Despite that order, Plaintiffs have filed two motions since that date: a Motion for Extension of Time seeking relief from the responsive pleading deadline for the multitude of motions to dismiss filed by Defendants and yet another Motion for Emergency Relief seeking a variety of relief from the state court proceedings to which they (and the mother of Plaintiff Jayakrishnan Nair) are currently subject. Dkt. Nos. 84 and 86.
The motions are denied, both as violations of the Court's prior order prohibiting further motions practice initiated by Plaintiffs and because they are non-meritorious. The Motion for Extension of Time was premised on the imminent hiring of counsel; in the two weeks since the filing of the motion, no attorney has appeared for these pro se parties nor has a declaration been filed indicating such appearance is in fact imminent. The Motion for Emergency Relief suffers from all the defects present in the previous four such motions. The Court will not reiterate them here.
Motions to Dismiss
Without exception, Plaintiffs have failed to respond to any of the motions to dismiss filed by the multiple Defendants in this matter. Under Local Rules W.D. Wash. 7(b)(2), "[e]xcept for motions for summary judgment, if a party fails to file papers in opposition to a motion, such failure may be considered by the court as an admission that the motion has merit."
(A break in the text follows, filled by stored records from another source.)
(* Assume Hypotheses 1 and 2 (see context). For any $x_1,x_2\in U$ and $t_0>0$, if $x_2\in\mathcal{C}(x_1)$, $\Phi([0,t_0],x_1)\subset U$ and $\Phi([0,t_0],x_2)\subset U$, then $\Phi(t,x_2)\in\mathcal{C}(\Phi(t,x_1))$ for all $t\in[0,t_0]$.
   Context: System $\dot a=f(a,z)$, $\dot z=g(a,z)$, $(a,z)\in\mathbb{R}^n\times\mathbb{R}^m$, $x=(a,z)$, $X=\mathbb{R}^n\times\mathbb{R}^m$, with flow $\Phi(t,x)$; Euclidean inner product, norm, operator norm. $\mathcal{L}(x_1,x_2)=\|a_2-a_1\|^2-\|z_2-z_1\|^2$ for $x_i=(a_i,z_i)$; $\mathcal{C}(x)=\{x'\in X:\mathcal{L}(x',x)\ge0\}$; $\mathbb{B}_d(x)=\{(a',z'):\|a'-a\|\le d,\|z'-z\|\le d\}$. Hypothesis 1: $U$ is open and convex in $\mathbb{R}^n\times\mathbb{R}^m$, and there is $d>0$ with $\mathcal{C}(x)\cap U\subset\mathbb{B}_d(x)$ for all $x\in U$. Hypothesis 2: $f,g$ are $C^1$ on $U$; there exist a continuous positive $\alpha:U\to\mathbb{R}$, a continuous nonnegative $\ell:U\to\mathbb{R}$ and $c_1>0$ with, for all $x\in U$: $\langle a',D_af(x)a'\rangle\ge\alpha(x)\|a'\|^2$ for all $a'$; $\langle z',D_zg(x)z'\rangle\le\ell(x)\|z'\|^2$ for all $z'$; $\alpha(x)\ge\ell(x)+\|D_zf(x)\|+\|D_ag(x)\|+c_1$. *)

From mathcomp Require Import all_boot.
From Stdlib Require Import Reals ClassicalEpsilon.
Local Open Scope R_scope.

Definition vec (n : nat) := 'I_n -> R.

Definition vadd {n} (u v : vec n) : vec n := fun i => u i + v i.
Definition vsub {n} (u v : vec n) : vec n := fun i => u i - v i.
Definition vscal {n} (c : R) (u : vec n) : vec n := fun i => c * u i.

Definition dot {n} (u v : vec n) : R := \big[Rplus/0]_(i < n) (u i * v i).
Definition norm {n} (u : vec n) : R := sqrt (dot u u).

(* X = R^n x R^m, points x = (a, z) *)
Definition X (n m : nat) := (vec n * vec m)%type.
Definition xsub {n m} (x y : X n m) : X n m := (vsub x.1 y.1, vsub x.2 y.2).
Definition xadd {n m} (x y : X n m) : X n m := (vadd x.1 y.1, vadd x.2 y.2).
Definition xscal {n m} (c : R) (x : X n m) : X n m := (vscal c x.1, vscal c x.2).
Definition xnorm {n m} (x : X n m) : R := sqrt (dot x.1 x.1 + dot x.2 x.2).

Definition is_linear {p q} (L : vec p -> vec q) : Prop :=
  forall (u v : vec p) (c : R),
    L (vadd u v) = vadd (L u) (L v) /\ L (vscal c u) = vscal c (L u).
Definition opnorm {p q} (L : vec p -> vec q) : R :=
  epsilon (inhabits 0)
    (fun s => is_lub (fun r => exists v : vec p, norm v <= 1 /\ r = norm (L v)) s).

Definition is_open_X {n m} (U : X n m -> Prop) : Prop :=
  forall x, U x -> exists e, 0 < e /\ forall y, xnorm (xsub y x) < e -> U y.
Definition is_convex_X {n m} (U : X n m -> Prop) : Prop :=
  forall x y (s : R), U x -> U y -> 0 <= s <= 1 ->
    U (xadd x (xscal s (xsub y x))).

Definition cont_on {n m k} (U : X n m -> Prop) (h : X n m -> vec k) : Prop :=
  forall x, U x -> forall eps, 0 < eps -> exists delta, 0 < delta /\
    forall y, U y -> xnorm (xsub y x) < delta -> norm (vsub (h y) (h x)) < eps.
Definition cont_on_R {n m} (U : X n m -> Prop) (h : X n m -> R) : Prop :=
  forall x, U x -> forall eps, 0 < eps -> exists delta, 0 < delta /\
    forall y, U y -> xnorm (xsub y x) < delta -> Rabs (h y - h x) < eps.

Definition frechet {n m k} (F : X n m -> vec k)
    (DA : vec n -> vec k) (DZ : vec m -> vec k) (x : X n m) : Prop :=
  is_linear DA /\ is_linear DZ /\
  forall eps, 0 < eps -> exists delta, 0 < delta /\
    forall y, xnorm (xsub y x) < delta ->
      norm (vsub (vsub (F y) (F x))
                 (vadd (DA (xsub y x).1) (DZ (xsub y x).2)))
        <= eps * xnorm (xsub y x).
Beyond the judicial effect of Plaintiffs' admission, the Court is satisfied that all the motions to dismiss in this matter are meritorious. For the record, the Court recites the grounds for dismissal for each of the moving parties:
For Defendant City of Snoqualmie :
1. Failure to comply with federal pleading requirements. Knapp v. Hogan, 738 F.3d 1106, 1109 (9th Cir. 2013).
2. Failure to serve a claim for damages, as required by RCW 4.96.020(4).
3. Failure to properly plead a § 1983 claim against a municipal entity. Hunter v. Cnty. of Sacramento, 652 F.3d 1225, 1232-33 (9th Cir.2011).
4. The lawsuit is barred by both qualified and prosecutorial immunity.
For Defendant Channa Copeland:
1. Lack of subject matter jurisdiction under the Rooker-Feldman doctrine.
2. Lack of subject matter jurisdiction pursuant to the Younger abstention doctrine.
3. Lack of subject matter jurisdiction under 28 U.S.C. §§ 1331-1332.
For Defendant John Doe #1 (a/k/a "Roger")
1. Pursuant to FRCP 12(b)(1), dismissal is mandated where the alleged claim is "so insubstantial, implausible, foreclosed by prior decisions of this Court, or otherwise completely devoid of merit as not to involve a federal controversy." Steel Co. v Citizens for a Better Environment, 523 U.S. 83, 83 (1998).
2. Failure to establish, as required for a § 1983 claim, that the Defendant is a governmental actor or that his conduct constituted state action.
3. Failure to plead a cognizable federal claim against the Defendant.
The Court has determined that these dismissals, along with the dismissals previously entered regarding the other Defendants (see Dkt. Nos. 79 and 82), will be with prejudice - Plaintiffs will not be given an opportunity to amend their complaint. Dismissal with prejudice is appropriate and permissible where the deficiencies in the pleading are so severe that they cannot be remedied. United States v. Corinthian Colleges, 655 F.3d 984, 995 (9th Cir. 2011). That is unquestionably the case here.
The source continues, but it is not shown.